Every line containing the string "exact" is to be copied from the records.

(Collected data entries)
________________________

Lemma subset_sumsN B g : subsum B = 0 -> (- g \in subset_sums B) = (g \in subset_sums B).
Proof.
move=> B0; suff opp_sums x : x \in subset_sums B -> - x \in subset_sums B.
  by apply/idP/idP => /opp_sums; rewrite ?opprK.
case/subset_sumsP=> V VB ->; apply/subset_sumsP; exists (B :\: V).
  exact: subsetDl.
by rewrite subsumD // B0 sub0r.
Qed.

Definition zero_sum_free X := forall W, W \subset X -> W != set0 -> subsum W != 0.

Definition sum_system J D := [/\ 0 \in D, D \subset subset_sums J &
  {in D &, forall d d', (d - d' \in subset_sums J) || (d' - d \in subset_sums J)}].

Lemma sum_systemS J1 J2 D : J1 \subset J2 -> sum_system J1 D -> sum_system J2 D.
Proof.
move=> J12 [D0 DJ1 diffD]; have sub := subsetP (subset_sumsS J12).
split=> //; first exact: subset_trans (subset_sumsS J12).
by move=> d d' Dd Dd'; case/orP: (diffD d d' Dd Dd') => /sub ->; rewrite ?orbT.
Qed.

Lemma sum_system_sumset J1 J2 D1 D2 : [disjoint J1 & J2] -> subsum J2 = 0 ->
  sum_system J1 D1 -> sum_system J2 D2 -> sum_system (J1 :|: J2) (sumset D1 D2).
Proof.
move=> J12 J2_0 [D1_0 D1J1 diffD1] [D2_0 D2J2 diffD2]; split.
- by rewrite -[0]addr0 imset2_f.
- apply/subsetP=> _ /imset2P[d1 d2 Dd1 Dd2 ->].
  by apply: subset_sumsD => //; [apply: (subsetP D1J1) | apply: (subsetP D2J2)].
- move=> _ _ /imset2P[d1 d2 Dd1 Dd2 ->] /imset2P[e1 e2 De1 De2 ->].
  have := diffD2 _ _ Dd2 De2; rewrite -opprB subset_sumsN // orbb => ed2.
  have de2 : d2 - e2 \in subset_sums J2 by rewrite -opprB subset_sumsN.
  rewrite !opprD [d1 + d2 + _]addrACA [e1 + e2 + _]addrACA.
  by case/orP: (diffD1 _ _ Dd1 De1) => ?; apply/orP; [left | right]; apply: subset_sumsD.
Qed.

Lemma sum_system_chain X : zero_sum_free X -> exists2 C, sum_system X C & (#|X| < #|C|)%N.
Proof.
elim: {X}_.+1 {-2}X (ltnSn #|X|) => // n IHn X ltXn zsfX.
have [-> | [x Xx]] := set_0Vmem X.
  exists [set 0]; last by rewrite cards0 cards1.
  split; rewrite ?inE ?sub1set ?subset_sums0 // => _ _ /set1P-> /set1P->.
  by rewrite subrr subset_sums0.
have X'X : X :\ x \subset X := subD1set X x.
have ltX'n : (#|X :\ x| < n)%N by rewrite -ltnS (leq_trans _ ltXn) // ltnS (cardsD1 x X) Xx.
have [C' sysC' ltC'] : exists2 C', sum_system (X :\ x) C' & (#|X :\ x| < #|C'|)%N.
  by apply: IHn => // W WX'; apply: zsfX; rewrite (subset_trans WX').
have topC' c : c \in C' -> subsum X - c \in subset_sums X.
  case: sysC' => _ /subsetP C'X' _ /C'X' /subset_sumsP[Y YX' ->].
  apply/subset_sumsP; exists (X :\: Y); first exact: subsetDl.
  by rewrite subsumD // (subset_trans YX').
have [C'0 C'X diffC'] := sum_systemS X'X sysC'.
exists (subsum X |: C'); first split.
- by rewrite !inE C'0 orbT.
- by rewrite subUset sub1set C'X andbT; apply/subset_sumsP; exists X.
- move=> c c' /setU1P[-> | Cc] /setU1P[-> | Cc'];
    by rewrite ?subrr ?subset_sums0 ?topC' ?diffC' ?orbT.
have XC' : subsum X \notin C'.
  apply/negP; case: sysC' => _ /subsetP C'X' _ /C'X' /subset_sumsP[Y YX' XY].
  have xY : x \notin Y by apply/negP => /(subsetP YX'); rewrite !inE eqxx.
  have XYn0 : X :\: Y != set0 by apply/set0Pn; exists x; rewrite inE xY.
  have := zsfX _ (subsetDl X Y) XYn0.
  by rewrite subsumD ?XY ?subrr ?eqxx // (subset_trans YX').
by rewrite cardsU1 XC' (cardsD1 x X) Xx.
Qed.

________________________

## [Expected answer]
  exact: subsetDl.
split=> //; first exact: subset_trans (subset_sumsS J12).
  apply/subset_sumsP; exists (X :\: Y); first exact: subsetDl.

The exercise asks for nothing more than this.